Jeff Richards: From a SIEM perspective it boils down to the identification of threats and response. I think SIEM can help someone achieve valid identification and quick response in three ways. First, I think it is vital to have a structure in place to see your events quickly. Secondly, you need the ability to intelligently decipher the real threats from the false so that you can decisively deal with security breaches. Thirdly, in the event of a breach, you need the ability to track intruders via your security event information. Activeworx Security Center's passive event collectors listen for security event traffic as they happen, searching for events of interest from all security devices. As these events occur within differing devices, ASC's correlation engine gives a security administrator the ability to reach across security event sources like IDS, firewalls, or other host systems, to apply rules to a set of events that help an admin decipher when an event is a real threat. Identifying real threats is vital. Attempting to determine the validity of threats from raw data, without having the ability to reference other security sources will either lead to an overly sensitive security posture, which may hamper the everyday business of a network, or more likely lead to a posture of no response at all until a security breach causes some level of damage or theft. Once an event is deemed a real security threat, an admin can take corrective action but beyond that an admin can use ASC to track stored events backwards to find out what, if anything has been compromised.
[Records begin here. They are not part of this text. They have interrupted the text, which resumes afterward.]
(* Let $0\le\epsilon<1$ and let $\rho^{AB}$ be a quantum state on a finite-dimensional bipartite system $AB$ with marginals $\rho^A,\rho^B$. Then $$I^\epsilon_H(A:B)_\rho\ \le\ 2\log_2\min\{|A|,|B|\}+3\log_2\frac{1}{1-\epsilon}+6\log_2 3-4,$$ where $|A|,|B|$ are the dimensions of the systems.
   Context: For quantum states $\alpha,\beta$ on the same finite-dimensional Hilbert space and $0\le\epsilon<1$, $D^\epsilon_H(\alpha\|\beta):=\max_\Pi -\log_2\operatorname{Tr}[\Pi\beta]$, the maximum over POVM elements $0\le\Pi\le\mathbb{1}$ with $\operatorname{Tr}[\Pi\alpha]\ge 1-\epsilon$. The hypothesis testing mutual information is $I^\epsilon_H(A:B)_\rho:=D^\epsilon_H(\rho^{AB}\|\rho^A\otimes\rho^B)$. *)

From Stdlib Require Import Reals List.
Import ListNotations.
Open Scope R_scope.

Record C := mkC { re : R; im : R }.
Definition C0 : C := mkC 0 0.
Definition Cadd (x y : C) : C := mkC (re x + re y) (im x + im y).
Definition Cmul (x y : C) : C :=
  mkC (re x * re y - im x * im y) (re x * im y + im x * re y).
Definition Cconj (x : C) : C := mkC (re x) (- im x).

Definition csum (n : nat) (f : nat -> C) : C :=
  fold_right Cadd C0 (map f (seq 0 n)).
(* An ordered graph on k vertices: vertex set 'I_k with the natural order of
   'I_k, and a symmetric irreflexive adjacency relation [adj]. *)

(* Ordered ladder L_{2n} with order v_1 < ... < v_n < u_n < ... < u_1.
   Position p (0-based) is v_{p+1} if p < n, and u_{2n-p} if p >= n.
   Edges: v_i v_{i+1}, u_i u_{i+1}, u_i v_i. *)
Definition ladder_adj (n : nat) (p q : 'I_(2 * n)) : bool :=
  [|| (p.+1 == q) && (q < n),
      (q.+1 == p) && (p < n),
      (p.+1 == q) && (n <= p),
      (q.+1 == p) && (n <= q)
    | (p + q == (2 * n).-1) ].          (* rung u_i v_i *)

(* A red/blue colouring of the ordered complete graph K_N on 'I_N:
   colour c x y for x < y, true = red, false = blue. *)

Definition has_mono_copy (k : nat) (adj : rel 'I_k) (N : nat)
  (c : 'I_N -> 'I_N -> bool) (col : bool) : Prop :=
  exists f : 'I_k -> 'I_N,
    (forall x y : 'I_k, x < y -> f x < f y) /\
    (forall x y : 'I_k, x < y -> adj x y -> c (f x) (f y) = col).

Definition ordered_ramsey_prop (kF : nat) (F : rel 'I_kF) (kG : nat) (G : rel 'I_kG)
  (N : nat) : Prop :=
  forall c : 'I_N -> 'I_N -> bool,
    @has_mono_copy kF F N c false \/ @has_mono_copy kG G N c true.

Definition ordered_ramsey_le (kF : nat) (F : rel 'I_kF) (kG : nat) (G : rel 'I_kG)
  (M : nat) : Prop :=
  exists2 N, N <= M & @ordered_ramsey_prop kF F kG G N.

From mathcomp Require Import all_boot zify.

(* We colour pairs of naturals and look for a monochromatic ladder inside
   [0, N).  A ladder arises from a monochromatic clique on 2n vertices, or
   from two monochromatic increasing paths P < Q on n vertices joined by
   monochromatic rungs.  An Erdos-Szekeres argument shows that
   (n - 1)(2n - 1) + 1 vertices contain an increasing path on n vertices or a
   clique on 2n vertices of the other colour; hence two such sets X < Y with
   all X-Y edges of one colour already give a ladder (bipartite_ladder).
   Consequently a chain of n blocks of twice that size is crossed by a
   monochromatic "rail" unless a ladder appears (rail).

   [0, N) is split into 2(2n - 1) blocks: left blocks P_i and mirrored right
   blocks Q_i.  By pigeonhole each index i gets a colour kappa_i such that
   many vertices of Q_i are kappa_i-rich (have many kappa_i-neighbours in
   P_i), and n indices share a colour chi.  A rail through the rich parts of
   the Q's gives the u's; the chi-neighbours of each u in the matching P
   block are the blocks of a second rail, giving the v's with chi-rungs.
   Finally N = 2(2n - 1)(4(n - 1)(2n - 1) + 1) <= 32 n^3. *)

Lemma sorted_rcons2 (e : rel nat) t u v :
  sorted e (rcons (rcons t u) v) = sorted e (rcons t u) && e u v.
Proof. by case: t => [|x t] /=; rewrite ?andbT // rcons_path last_rcons. Qed.

Lemma sorted_iota_filter (a : pred nat) m l : sorted ltn (filter a (iota m l)).
Proof. by apply: sorted_filter; [exact: ltn_trans | exact: iota_ltn_sorted]. Qed.

Lemma sorted_mkseq (e : rel nat) (f : nat -> nat) n :
  (forall k, k.+1 < n -> e (f k) (f k.+1)) -> sorted e (mkseq f n).
Proof.
move=> step; apply/(sortedP 0) => k; rewrite size_mkseq => lt_k.
by rewrite !nth_mkseq ?step //; lia.
Qed.

Lemma pigeonhole2 (T : Type) (a : pred T) s r : size s = (r + r).-1 ->
  (r <= count a s) || (r <= count (predC a) s).
Proof. by move=> size_s; have := count_predC a s; rewrite size_s; lia. Qed.

Lemma majority_indices (p : pred nat) n : exists chi (idx : nat -> nat),
  [/\ forall k k', k < k' -> k' < n -> idx k < idx k',
      forall k, k < n -> idx k < (2 * n).-1 &
      forall k, k < n -> p (idx k) = chi].
Proof.
set I0 := iota 0 (2 * n).-1; set chi := n <= count p I0.
set I := filter (fun i => p i == chi) I0.
have size_I : n <= size I.
  have size_I0 : size I0 = (n + n).-1 by rewrite size_iota; lia.
  rewrite size_filter; have := @pigeonhole2 _ p I0 n size_I0; rewrite /chi.
  case: (leqP n (count p I0)) => [le_n _ | _ /= le_n].
    by rewrite (eq_count (a2 := p)) // => i; rewrite eqb_id.
  by rewrite (eq_count (a2 := predC p)) // => i; rewrite eqbF_neg.
have I_in k : k < n -> nth 0 I k \in I by move=> lt_k; exact: mem_nth (leq_trans lt_k size_I).
exists chi, (nth 0 I); split => [k k' lt_k lt_k' | k /I_in | k /I_in].
- apply: (sorted_ltn_nth ltn_trans 0); rewrite ?inE //; try lia.
  exact: sorted_iota_filter.
- by rewrite mem_filter mem_iota => /andP[].
- by rewrite mem_filter => /andP[/eqP].
Qed.

(* The Erdos-Szekeres threshold: (n - 1)(2n - 1) + 1 vertices force a path of
   n vertices or a clique of 2n vertices. *)
Definition es_size (n : nat) : nat := (n.-1 * (2 * n).-1).+1.

Definition rich_size (n : nat) : nat := (es_size n + es_size n).-1.

Definition block (m i : nat) : seq nat := iota (i * m) m.

Lemma block_before m i i' u v : i < i' -> u \in block m i -> v \in block m i' -> u < v.
Proof.
rewrite !mem_iota => lt_i /andP[_ lt_u] /andP[le_v _].
have := leq_mul lt_i (leqnn m); rewrite mulSn; lia.
Qed.

Lemma block_lt m i K u : i < K -> u \in block m i -> u < K * m.
Proof.
rewrite mem_iota => lt_i /andP[_ lt_u].
have := leq_mul lt_i (leqnn m); rewrite mulSn; lia.
Qed.

(* Layout of [0, ramsey_bound n): 2K blocks of length [block_size n], where
   K = 2n - 1.  The left blocks P_0 < ... < P_{K-1} occupy the first half and
   the right blocks Q_i are the mirror images Q_i = block (2K - 1 - i), so
   P_0 < ... < P_{K-1} < Q_{K-1} < ... < Q_0. *)
Definition block_size (n : nat) : nat := (rich_size n + rich_size n).-1.
Definition ramsey_bound (n : nat) : nat := ((2 * n).-1 + (2 * n).-1) * block_size n.
Definition left_block (n i : nat) : seq nat := block (block_size n) i.
Definition right_block (n i : nat) : seq nat :=
  block (block_size n) (((2 * n).-1 + (2 * n).-1).-1 - i).

Lemma left_before_left {n i i' u v} :
  i < i' -> u \in left_block n i -> v \in left_block n i' -> u < v.
Proof. exact: block_before. Qed.

Lemma left_before_right {n i i' u v} : i < (2 * n).-1 -> i' < (2 * n).-1 ->
  u \in left_block n i -> v \in right_block n i' -> u < v.
Proof. move=> lt_i lt_i'; apply: block_before; lia. Qed.

Lemma right_before_right {n i i' u v} : i < i' -> i' < (2 * n).-1 ->
  u \in right_block n i' -> v \in right_block n i -> u < v.
Proof. move=> lt_i lt_i'; apply: block_before; lia. Qed.

Lemma left_block_lt {n i u} : i < (2 * n).-1 -> u \in left_block n i -> u < ramsey_bound n.
Proof. move=> lt_i; apply: block_lt; lia. Qed.

Lemma right_block_lt {n i u} : i < (2 * n).-1 -> u \in right_block n i -> u < ramsey_bound n.
Proof. move=> lt_i; apply: block_lt; lia. Qed.

Lemma ramsey_bound_le n : ramsey_bound n <= 32 * n ^ 3.
Proof.
case: n => [// | n].
rewrite /ramsey_bound /block_size /rich_size /es_size.
have -> : (2 * n.+1).-1 = 2 * n + 1 by lia.
have -> : ((n * (2 * n + 1)).+1 + (n * (2 * n + 1)).+1).-1 = 2 * (n * (2 * n + 1)) + 1.
  by lia.
have -> : (2 * (n * (2 * n + 1)) + 1 + (2 * (n * (2 * n + 1)) + 1)).-1 =
          4 * (n * (2 * n + 1)) + 1 by lia.
rewrite !expnS expn0; nia.
Qed.

Section Colouring.

Variable c : nat -> nat -> bool.

Definition mono_edge (k : bool) (x y : nat) : bool := (x < y) && (c x y == k).

(* A monochromatic copy of the ordered ladder L_{2n} inside [0, N): an
   increasing sequence s of 2n vertices in which the path edges s_p s_{p+1}
   and the rungs s_p s_{2n-1-p} all have the same colour k. *)
Definition ladder_copy (n N : nat) : Prop :=
  exists (k : bool) (s : seq nat),
    [/\ size s = 2 * n, sorted ltn s, all (fun x => x < N) s &
      forall p q, p < q -> q < 2 * n -> (q == p.+1) || (p + q == (2 * n).-1) ->
        c (nth 0 s p) (nth 0 s q) = k].

Lemma ladder_copy_mono n N M : N <= M -> ladder_copy n N -> ladder_copy n M.
Proof.
move=> le_NM [k [s [size_s sorted_s s_lt_N ladder_s]]]; exists k, s; split => //.
by apply/allP => x /(allP s_lt_N) /leq_trans; apply.
Qed.

(* A monochromatic clique on 2n vertices contains every ordered graph on 2n
   vertices, in particular the ladder. *)
Lemma clique_ladder n N k s :
  pairwise (mono_edge k) s -> 2 * n <= size s -> all (fun x => x < N) s ->
  ladder_copy n N.
Proof.
move=> clique_s size_s s_lt_N.
set t := take (2 * n) s.
have /(pairwiseP 0) clique_t : pairwise (mono_edge k) t.
  exact: subseq_pairwise (take_subseq _ _) clique_s.
have size_t : size t = 2 * n by rewrite size_take; case: ltnP; lia.
exists k, t; split => //.
- apply/(sortedP 0) => i lt_i.
  by have /andP[] := clique_t i i.+1 (ltnW lt_i) lt_i (ltnSn i).
- by apply/allP => x /mem_take /(allP s_lt_N).
- move=> p q lt_pq lt_q _; rewrite -size_t in lt_q.
  by have /andP[_ /eqP] := clique_t p q (ltn_trans lt_pq lt_q) lt_q lt_pq.
Qed.

(* Two colour-[k] increasing paths P (giving v_1 .. v_n) and Q (giving
   u_n .. u_1) of n vertices each, with P entirely before Q and colour-[k]
   rungs between the p-th vertex of P and the p-th-from-last vertex of Q. *)
Lemma rungs_ladder n N k P Q :
  size P = n -> size Q = n -> sorted (mono_edge k) P -> sorted (mono_edge k) Q ->
  all (fun x => x < N) P -> all (fun x => x < N) Q ->
  (forall x y, x \in P -> y \in Q -> x < y) ->
  (forall p, p < n -> c (nth 0 P p) (nth 0 Q (n.-1 - p)) = k) ->
  ladder_copy n N.
Proof.
move=> size_P size_Q path_P path_Q P_lt_N Q_lt_N P_before_Q rung.
have sorted_mono s : sorted (mono_edge k) s -> sorted ltn s.
  by apply: sub_sorted => x y /andP[].
exists k, (P ++ Q); split.
- by rewrite size_cat size_P size_Q addnn mul2n.
- rewrite sorted_pairwise; last exact: ltn_trans.
  rewrite pairwise_cat -!sorted_pairwise; try exact: ltn_trans.
  by rewrite !sorted_mono // !andbT; apply/allrelP.
- by rewrite all_cat P_lt_N Q_lt_N.
move: path_P path_Q => /(sortedP 0) path_P /(sortedP 0) path_Q.
move=> p q lt_pq lt_q edge_pq; rewrite !nth_cat size_P.
case: (ltnP q n) => [lt_qn | le_nq]; last case: (ltnP p n) => [lt_pn | le_np].
- have -> : q = p.+1 by case/orP: edge_pq => /eqP; lia.
  have lt_p : p.+1 < size P by rewrite size_P; lia.
  have -> : p < n by lia.
  by have /andP[_ /eqP] := path_P p lt_p.
- have -> : q - n = n.-1 - p by case/orP: edge_pq => /eqP; lia.
  exact: rung.
- have -> : q - n = (p - n).+1 by case/orP: edge_pq => /eqP; lia.
  have lt_p : (p - n).+1 < size Q by rewrite size_Q; lia.
  by have /andP[_ /eqP] := path_Q (p - n) lt_p.
Qed.

(* [path_end k X p v]: v is the last vertex of an increasing colour-[k] path
   of p + 1 vertices whose first p vertices lie in X. *)
Fixpoint path_end (k : bool) (X : seq nat) (p v : nat) : bool :=
  if p is p'.+1 then has (fun u => mono_edge k u v && path_end k X p' u) X
  else true.

Lemma path_endP k X p v :
  reflect (exists2 s : seq nat, size s = p /\ all [in X] s & sorted (mono_edge k) (rcons s v))
          (path_end k X p v).
Proof.
apply: (iffP idP).
  elim: p v => [|p IH] v /=; first by exists [::].
  case/hasP => u uX /andP[uv /IH[s [size_s sX] path_s]].
  exists (rcons s u); first by rewrite size_rcons size_s all_rcons uX sX.
  by rewrite sorted_rcons2 path_s uv.
case=> s [<- sX]; elim/last_ind: s sX v => [|s u IH] //.
rewrite all_rcons size_rcons => /andP[uX sX] v.
rewrite sorted_rcons2 => /andP[path_s uv].
by apply/hasP; exists u => //; apply/andP; split; last exact: IH.
Qed.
SecurityStockWatch.com: Please tell us CrossTec's key strategic relationships and the Company's partner channel network.

Jeff Richards: CrossTec has an award winning channel program consisting of 300+ partners worldwide covering a multitude of verticals. CrossTec has always been committed to our channel, and these partnerships serve to strengthen our ability to service our North American, international, and multi-national customers. One new alliance I am particularly proud of is our strategic partnership deal with Richmond Systems in the UK. Richmond has been a help desk, education, and security distributor for 15 years and services hundreds partners across Europe as well as providing direct sales and technical support. They are also developers of a moderately priced, large scale Service Help Desk product that integrates with ASC, as well as other products in CrossTec's broad network offering, tying in all facets of network administration.

SecurityStockWatch.com: What resources; such as newsletters, case studies, and white papers, are available at www.CrossTecCorp.com for end-users?

Jeff Richards: We have a wide variety of white papers and case studies on our website www.CrossTecCorp.com. One very interesting case study in particular details how Protect Point, a large southern MSSP, uses Activeworx in their environment to manage the security posture of their 300 customers.

SecurityStockWatch.com: Thank you very much for your time today, Jeff. Is there any other subject you would like to talk about?

Jeff Richards: Yes, as a service to the public we offer regularly running webinars that not only educate the public on ASC and SIEM in general, but also their use in real world applications like PCI compliance or attack detection. If a company is facing security or compliance issues these webinars can help make some sense out of what you are up against. You can find our webinar schedule as well as a free evaluation copy of ASC on our website, www.CrossTecCorp.com. Thanks for having me.